Collin Powell arrived in the beggining of 2003 to work over his speech with Tenet and his staff. Powell dismissed almost all the intelligence that he had received from the White House, he and the CIA thought it was laughable relying on evidence from the discredited Ahmed Chalabi's Iraqi National Congress. Powell needed evidence and he wanted it to be rock solid, so he turned to Tenet and Tenet gave him Curveball. Tenet told Powell that Curveball had been checked out, that he had been passed as a good source despite the fact that Tenet's Director of European Operations, Tyler Drumheller, had phoned him that morning to tell him that the source was unreliable. Tenet assured Powell that it could go in the speech and Powell made the famous speech, using artist's impressions to convey the scale of one of these bio warfare trucks.

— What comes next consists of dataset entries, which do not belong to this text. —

(* Let $\{\mathbf{G}_k\}_{k\ge1}$ be (any realization of) the observed chain of the Sampled Moran Genealogy Process with population size $n$, sample times $t_1<t_2<\cdots$ and attachment times $\{a_k\}_{k\ge2}$, and define $m(j,k)$ as below. Then for every $k\ge2$, \[ \sum_{j=1}^{k-1}\ \sum_{e\in\mathrm{live}(\mathbf{G}_j)}\log\frac{n-\ell_j(e)}{n-\ell_j(e)-1}\,\mathbf 1\{e>a_{j+1}\}=\sum_{j=1}^{k-1}\log\frac{n}{n-m(j,k)}. \]
   Context: In the Sampled Moran Genealogy Process, a population of constant size $n$ evolves under Moran dynamics (at rate-$\mu$ events an ordered pair of distinct individuals is chosen uniformly, the first dies and the second gives birth), and at each deterministic time $t_i$ ($t_1<t_2<\cdots$) one living individual is sampled. The observed genealogy $\mathbf{G}_k$ is the genealogy formed by the ancestral lineages of samples $1,\dots,k$ (sample $i$'s lineage traced back from $t_i$). For $j\ge2$ the attachment time $a_j\le t_{j-1}$ is the most recent time $s$ at which the ancestor at time $s$ of sample $j$ coincides with the ancestor-or-self at time $s$ of some sample $i<j$ with $t_i\ge s$; $a_j$ is either a sample time (direct descent) or not a sample time (a branch point). Sample $i\le k$ is dead in $\mathbf{G}_k$ if $a_j=t_i$ for some $i<j\le k$, live otherwise; $\mathrm{live}(\mathbf{G}_k)$ is the set of sample times of live samples. Branch points of $\mathbf{G}_k$: the $a_j$, $2\le j\le k$, that are not sample times. $\ell_k(t)=|\{e\in\mathrm{live}(\mathbf{G}_k):e>t\}|-|\{\text{branch points }b\text{ of }\mathbf{G}_k:b>t\}|$. For $j\le k$, $m(j,k)=|\{i: j<i\le k,\ a_i<t_j,\ \text{and } a_r\ne t_j \text{ for all } r<i\}|$, the number of samples attaching to the left of $t_j$ before sample $j$ dies (or before $k$ is reached). *)

From HB Require Import structures.
From mathcomp Require Import all_boot all_order all_algebra.
From mathcomp Require Import all_classical all_reals all_analysis.
Set Implicit Arguments. Unset Strict Implicit. Unset Printing Implicit Defensive.
Import Order.TTheory GRing.Theory Num.Theory.
Local Open Scope ring_scope.

(* Birth-death events are indexed by [q : int]
   (bi-infinite, stationary process), at strictly increasing times [tau q];
   at event [q] the individual in slot [d q] dies and the individual in slot
   [b q] gives birth, the offspring occupying slot [d q].
   Convention: the state at time s is the state just BEFORE the events at
   time s (left-continuous), so at a birth time the offspring's lineage is
   already that of its parent. *)

Definition moran_realization (R : realType) (n : nat)
    (tau : int -> R) (d b : int -> 'I_n) : Prop :=
  [/\ (forall q1 q2 : int, q1 < q2 -> tau q1 < tau q2),
      (forall q, d q != b q),
      (forall M : R, exists q, M < tau q) &
      (forall M : R, exists q, tau q < M)].

(* going backwards across event q, a lineage sitting in slot d q moves to b q *)
Definition jump (n : nat) (d b : int -> 'I_n) (q : int) (y : 'I_n) : 'I_n :=
  if y == d q then b q else y.

(* [anc tau d b x t y s]: the ancestor at time s (s <= t) of the individual
   occupying slot x at time t occupies slot y at time s. *)
Inductive anc (R : realType) (n : nat) (tau : int -> R) (d b : int -> 'I_n)
    (x : 'I_n) (t : R) : 'I_n -> R -> Prop :=
| anc_base : anc tau d b x t x t
| anc_flat (y : 'I_n) (s' s : R) :
    anc tau d b x t y s' -> s <= s' ->
    (forall q, ~ (s <= tau q /\ tau q < s')) -> anc tau d b x t y s
| anc_jump (y : 'I_n) (s' : R) (q : int) :
    anc tau d b x t y s' -> tau q < s' ->
    (forall q', ~ (tau q < tau q' /\ tau q' < s')) ->
    anc tau d b x t (jump d b q y) (tau q).

(* ---------- sampling and attachment times ----------
   Samples are indexed by i >= 1: sample i is taken at time [t i] and is the
   individual in slot [sig i] at that time. *)

Definition coincide_at (R : realType) (n : nat) (tau : int -> R)
    (d b : int -> 'I_n) (t : nat -> R) (sig : nat -> 'I_n) (j : nat) (s : R)
    : Prop :=
  exists i, [/\ (1 <= i < j)%N, s <= t i &
    exists y, anc tau d b (sig j) (t j) y s /\ anc tau d b (sig i) (t i) y s].

Definition is_attachment (R : realType) (n : nat) (tau : int -> R)
    (d b : int -> 'I_n) (t : nat -> R) (sig : nat -> 'I_n) (j : nat) (aj : R)
    : Prop :=
  coincide_at tau d b t sig j aj /\
  (forall s, coincide_at tau d b t sig j s -> s <= aj).

Definition is_sample_time (R : realType) (t : nat -> R) (x : R) : bool :=
  `[< exists i, (1 <= i)%N /\ t i = x >].

Definition dead (R : realType) (t a : nat -> R) (k i : nat) : bool :=
  has (fun r => a r == t i) (iota i.+1 (k - i)).

Definition live_times (R : realType) (t a : nat -> R) (k : nat) : seq R :=
  [seq t i | i <- iota 1 k & ~~ dead t a k i].

Definition branch_points (R : realType) (t a : nat -> R) (k : nat) : seq R :=
  undup [seq a j | j <- iota 2 k.-1 & ~~ is_sample_time t (a j)].

Definition ell (R : realType) (t a : nat -> R) (k : nat) (x : R) : R :=
  (size [seq e <- live_times t a k | x < e])%:R
  - (size [seq c <- branch_points t a k | x < c])%:R.

Definition mjk (R : realType) (t a : nat -> R) (j k : nat) : nat :=
  count (fun i => (a i < t j) && all (fun r => a r != t j) (iota 2 (i - 2)))
        (iota j.+1 (k - j)).

(* If sample [j] is still live in [G_K], then [ell_K(t_j) = m(j,K)]: the next
   sample adds a live sample time above [t_j], while its attachment time either
   lies below [t_j], which raises [m(j,K)] by one, or lies above [t_j], where it
   kills a live sample or creates a branch point, leaving [ell] unchanged.
   Exchanging the double sum, the terms of a fixed sample [r] telescope, since
   [ln (n/(n-m)) + ln ((n-m)/(n-m-1)) = ln (n/(n-m-1))] and [m(r,.)] grows by one
   exactly at the steps contributing a term.  The Moran dynamics enter only through
   [a_j <= t_(j-1)], the injectivity of [j |-> a_j] (an event merges just two
   lineages), and [m(j,K) < n]. *)

From HB Require Import structures.
From mathcomp Require Import all_boot all_order all_algebra.
From mathcomp Require Import all_classical all_reals all_analysis.
From mathcomp Require Import zify ring lra.
Import Order.TTheory GRing.Theory Num.Theory.
Local Open Scope ring_scope.
Set Implicit Arguments. Unset Strict Implicit.

Section Ancestry.
Variables (R : realType) (n : nat) (tau : int -> R) (d b : int -> 'I_n).
Hypothesis tau_incr : forall q1 q2 : int, q1 < q2 -> tau q1 < tau q2.

Definition event_free (lo hi : R) := forall q, ~ (lo <= tau q /\ tau q < hi).

Lemma tau_le q1 q2 : (tau q1 <= tau q2) = (q1 <= q2).
Proof. exact: (le_mono tau_incr q1 q2). Qed.

Lemma tau_lt q1 q2 : (tau q1 < tau q2) = (q1 < q2).
Proof. by rewrite !ltNge tau_le. Qed.

Lemma tau_inj : injective tau.
Proof. by move=> q1 q2 E; apply/le_anti; rewrite -!tau_le E lexx. Qed.

Lemma event_freeW lo hi lo' hi' :
  lo <= lo' -> hi' <= hi -> event_free lo hi -> event_free lo' hi'.
Proof.
move=> hlo hhi ef q [q1 q2]; apply: (ef q); split; first exact: le_trans q1.
exact: lt_le_trans hhi.
Qed.

Lemma event_free_open lo lo' hi : lo < lo' ->
  (forall q, ~ (lo < tau q /\ tau q < hi)) -> event_free lo' hi.
Proof.
by move=> hlo ef q [q1 q2]; apply: (ef q); split => //; apply: lt_le_trans q1.
Qed.

Variables (x : 'I_n) (T : R).
Notation anc := (anc tau d b x T).

Lemma anc_le y s : anc y s -> s <= T.
Proof.
elim=> // [y0 s' s0 _ IH h _ | y0 s' q _ IH h _]; first exact: le_trans IH.
exact: le_trans (ltW h) IH.
Qed.

Lemma anc_top y : anc y T -> y = x.
Proof.
have gen s : anc y s -> s = T -> y = x.
  elim=> // [y0 s' s0 D IH h _ E | y0 s' q D IH h _ E].
    by apply: IH; apply/eqP; rewrite eq_le (anc_le D) -E h.
  by have := lt_le_trans h (anc_le D); rewrite -E ltxx.
by move/gen; apply.
Qed.

Lemma anc_between y s u : anc y s -> s <= u <= T -> exists z, anc z u.
Proof.
elim=> [|y0 s' s0 D IH h ef|y0 s' q D IH h ef] /andP[h1 h2].
- exists x; have -> : u = T by apply/eqP; rewrite eq_le h1 h2.
  exact: anc_base.
- case: (leP s' u) => hu; first by apply: IH; rewrite hu.
  by exists y0; apply: (anc_flat D (ltW hu)); apply: event_freeW ef.
- case: (leP s' u) => hu; first by apply: IH; rewrite hu.
  move: h1; rewrite le_eqVlt => /orP[/eqP <-|h1].
    by exists (jump d b q y0); apply: anc_jump D h ef.
  exists y0; apply: (anc_flat D (ltW hu)) => q' [q1 q2].
  by apply: (ef q'); split => //; apply: lt_le_trans h1 q1.
Qed.

Lemma anc_forward y s u : anc y s -> s <= u <= T -> event_free s u -> anc y u.
Proof.
move=> D; elim: D u => [|y0 s' s0 D IH h ef|y0 s' q D IH h ef] u /andP[h1 h2] ef'.
- have -> : u = T by apply/eqP; rewrite eq_le h1 h2.
  exact: anc_base.
- case: (leP s' u) => hu.
    by apply: IH; [rewrite hu | apply: event_freeW ef'].
  by apply: (anc_flat D (ltW hu)); apply: event_freeW ef.
- suff -> : u = tau q by apply: anc_jump D h ef.
  apply/eqP; rewrite eq_le h1 andbT leNgt; apply/negP => hq.
  by apply: (ef' q).
Qed.

Lemma anc_event_inv y q : anc y (tau q) -> tau q < T ->
  exists z s', [/\ anc z s', tau q < s',
    (forall q', ~ (tau q < tau q' /\ tau q' < s')) & y = jump d b q z].
Proof.
move=> D hT; have [s Es] : exists s, s = tau q by exists (tau q).
rewrite -Es in D; elim: D Es => [|y0 s' s0 D IH h ef|y0 s' q' D IH h ef] Es.
- by move: hT; rewrite -Es ltxx.
- suff E : s' = s0 by subst s'; apply: IH.
  apply/eqP; rewrite eq_le h andbT leNgt; apply/negP => hs.
  by apply: (ef q); rewrite -Es lexx.
- by move/tau_inj: Es => Eq; subst q'; exists y0, s'; split.
Qed.

Lemma anc_across_event y q u : anc y (tau q) -> tau q < u <= T ->
  (forall q', tau q < tau q' -> u < tau q') ->
  exists2 v, anc v u & y = jump d b q v.
Proof.
move=> D /andP[hqu huT] gap.
have [z [s' [Dz hs' ef ->]]] := anc_event_inv D (lt_le_trans hqu huT).
exists z => //; case: (leP s' u) => hs.
  apply: anc_forward Dz _ _; first by rewrite hs.
  move=> q' [q1 q2]; have := gap q' (lt_le_trans hs' q1).
  by rewrite ltNge (ltW q2).
exact: anc_flat Dz (ltW hs) (event_free_open hqu ef).
Qed.

End Ancestry.

Lemma exists_between_all (R : realFieldType) (s : R) (l : seq R) :
  all (fun z => s < z) l -> exists2 u, s < u & all (fun z => u < z) l.
Proof.
elim: l => [|z l IH] /=; first by exists (s + 1); rewrite ?ltrDl.
case/andP=> sz /IH [u su ul]; have smid : s < (s + z) / 2 by lra.
have midz : (s + z) / 2 < z by lra.
exists (Num.min u ((s + z) / 2)); first by rewrite lt_min su smid.
rewrite /= gt_min midz orbT /=.
by apply/allP => w /(allP ul) uw; rewrite gt_min uw.
Qed.

Lemma jump_collide (n : nat) (d b : int -> 'I_n) q y1 y2 :
  y1 != y2 -> jump d b q y1 = jump d b q y2 -> perm_eq [:: y1; y2] [:: d q; b q].
Proof.
rewrite /jump; case: (eqVneq y1 (d q)) => [->|_]; case: (eqVneq y2 (d q)) => [->|_].
- by [].
- by move=> _ <-.
- by move=> _ ->; apply/permP => P /=; rewrite addnCA.
- by move=> /eqP.
Qed.

Section SampleTimes.
Variables (R : realType) (t : nat -> R).
Hypothesis t_incr : forall i, (1 <= i)%N -> t i < t i.+1.

Lemma t_lt i j : (1 <= i)%N -> (i < j)%N -> t i < t j.
Proof.
move=> hi; elim: j => // j IH; rewrite ltnS leq_eqVlt => /orP[/eqP<-|h].
  exact: t_incr.
by apply: lt_trans (IH h) (t_incr _); apply: leq_trans hi (ltnW h).
Qed.

Lemma t_le i j : (1 <= i)%N -> (i <= j)%N -> t i <= t j.
Proof. by move=> hi; rewrite leq_eqVlt => /orP[/eqP->//|/(t_lt hi)/ltW]. Qed.

Lemma t_inj i j : (1 <= i)%N -> (1 <= j)%N -> t i = t j -> i = j.
Proof.
move=> hi hj E; case: (ltngtP i j) => // h.
- by have := t_lt hi h; rewrite E ltxx.
- by have := t_lt hj h; rewrite E ltxx.
Qed.

End SampleTimes.

Section Attachment.
Variables (R : realType) (n : nat) (tau : int -> R) (d b : int -> 'I_n).
Variables (t : nat -> R) (sig : nat -> 'I_n) (a : nat -> R).
Hypothesis moran : moran_realization tau d b.
Hypothesis t_incr : forall i, (1 <= i)%N -> t i < t i.+1.
Hypothesis sample_not_event : forall i q, (1 <= i)%N -> tau q != t i.
Hypothesis attach : forall j, (2 <= j)%N -> is_attachment tau d b t sig j (a j).

Let tau_incr : forall q1 q2 : int, q1 < q2 -> tau q1 < tau q2.
Proof. by case: moran. Qed.

Notation lineage i := (anc tau d b (sig i) (t i)).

In the German intelligence agency the reaction was one of stunned fury. They sat there in absolute astonishment as Powell produced evidence that they knew was wrong and furthermore had told the Americans was wrong. The top German spy in Washington had gone as far as to phone his American contact- Tyler Drumheller- to tell him this. But Drumheller had lost the bureacratic battles inside the CIA, lost them because Tenet and his juniors knew that the message that Curveball was a fake would be unacceptable to a White House that was geared up for war. If the Germans couldn't beleive it then neither could the weapons inspectors- especially when they started looking at the sites Curveball had named. Curveball named seven sites and Blix's team went to everyone and found nothing. At the central site he named, they found a wall that prohibited the movement of any large vehicle- a wall that they knew had been there since 1997 because they had satallite photographs.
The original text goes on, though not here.